## [Required work]
Locate each line below that includes "derivatives" and reproduce it.

## [Material for this task]
(* For every $m\in\mathbb{N}$ and every real $t$ with $|t|<1$, \[ \left(\frac{\arcsin t}{t}\right)^{m}=1+\sum_{k=1}^{\infty}(-1)^k\frac{Q(m,2k;2)}{\binom{m+2k}{m}}\frac{(2t)^{2k}}{(2k)!}, \] where the left-hand side is defined to be $1$ at $t=0$.
   Context: $s(n,k)$ ($n\ge k\ge 0$) denotes the signed Stirling numbers of the first kind, defined by $\frac{[\ln(1+x)]^k}{k!}=\sum_{n=k}^\infty s(n,k)\frac{x^n}{n!}$ for $|x|<1$; equivalently $\prod_{j=0}^{n-1}(z-j)=\sum_{k=0}^n s(n,k)z^k$. For $m\in\mathbb{N}$, $k\in\mathbb{N}_0$ and $\alpha\in\mathbb{R}$ define \[ Q(m,k;\alpha)=\sum_{\ell=0}^{k}\binom{m+\ell-1}{m-1}\, s(m+k-1,m+\ell-1)\left(\frac{m+k-\alpha}{2}\right)^{\ell}, \] with the convention $0^0=1$. *)

From HB Require Import structures.
From mathcomp Require Import all_boot all_order all_algebra.
From mathcomp Require Import all_classical all_reals all_analysis.
Set Implicit Arguments. Unset Strict Implicit. Unset Printing Implicit Defensive.
Import Order.TTheory GRing.Theory Num.Theory.
Local Open Scope ring_scope.

Definition stirling1 (n k : nat) : int :=
  (\prod_(j < n) ('X - ((j : nat)%:Z)%:P) : {poly int})`_k.

Definition Qfun {R : realType} (m k : nat) (alpha : R) : R :=
  \sum_(l < k.+1)
     ('C(m + l - 1, m - 1))%:R * (stirling1 (m + k - 1) (m + l - 1))%:~R
     * (((m + k)%:R - alpha) / 2) ^+ l.

Definition asin_ratio_pow {R : realType} (m : nat) (t : R) : R :=
  if t == 0 then 1 else (asin t / t) ^+ m.

Definition asin_term {R : realType} (m k : nat) (t : R) : R :=
  if k == 0%N then 1 else
  (-1) ^+ k * Qfun m (2 * k) (2 : R) / ('C(m + 2 * k, m))%:R
    * (2 * t) ^+ (2 * k) / ((2 * k)`!)%:R.

From HB Require Import structures.
From mathcomp Require Import all_boot all_order all_algebra.
From mathcomp Require Import all_classical all_reals all_analysis.
From mathcomp Require Import ring lra zify.
Set Implicit Arguments. Unset Strict Implicit. Unset Printing Implicit Defensive.
Import Order.TTheory GRing.Theory Num.Theory.
Import numFieldNormedType.Exports.
Local Open Scope classical_set_scope.
Local Open Scope ring_scope.

(* The series for (arcsin t / t)^m is obtained from the Maclaurin series of
   (arcsin x)^j,   (arcsin x)^j = sum_n  j! T(n,j) x^n / n!,   where T(n,j) are
   the central factorial numbers, T(n+2,j) = n^2 T(n,j) + T(n,j-2).

   Up to signs and powers of 2, T(n,j) is the j-th
      coefficient of the central factorial polynomial
      x^[n] = x (x + n/2 - 1) (x + n/2 - 2) ... (x - n/2 + 1); writing x^[n] as
      x times a shifted falling factorial expresses that coefficient through
      Stirling numbers of the first kind, which gives
      T(m+2k, m) = (-4)^k Q(m,2k;2).
   2. Analysis.  For coefficients all of whose formal derivatives have terms
      bounded on every radius r < 1, the sum psum c of the power series is
      differentiable on (-1,1) with the termwise derivative.
   3. With y_j = psum (j! T(.,j)/.!), the recurrence on T says
      (1-x^2) y_j'' - x y_j' = j(j-1) y_(j-2).  Substituting x = sin t turns
      the left side into d^2/dt^2 (y_j (sin t)); by strong induction on j,
      y_j (sin t) - t^j has vanishing second and first derivatives and
      vanishes at 0, hence y_j (sin t) = t^j on (-pi/2, pi/2).
   4. For j = m only the terms n = m + 2k survive; dividing by t^m and
      matching coefficients with step 1 gives the theorem. *)

(* Central factorial numbers T(n,j): T(0,j) = [j = 0], T(1,j) = [j = 1] and
   T(n+2,j) = n^2 T(n,j) + T(n,j-2).  Up to j!/n!, they are the Maclaurin
   coefficients of (arcsin x)^j. *)
Fixpoint cfact (n j : nat) : nat :=
  match n with
  | 0 => j == 0
  | 1 => j == 1
  | k.+2 => k ^ 2 * cfact k j + (if j is j'.+2 then cfact k j' else 0)
  end.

## [Solution for this task]
   2. Analysis.  For coefficients all of whose formal derivatives have terms
      y_j (sin t) - t^j has vanishing second and first derivatives and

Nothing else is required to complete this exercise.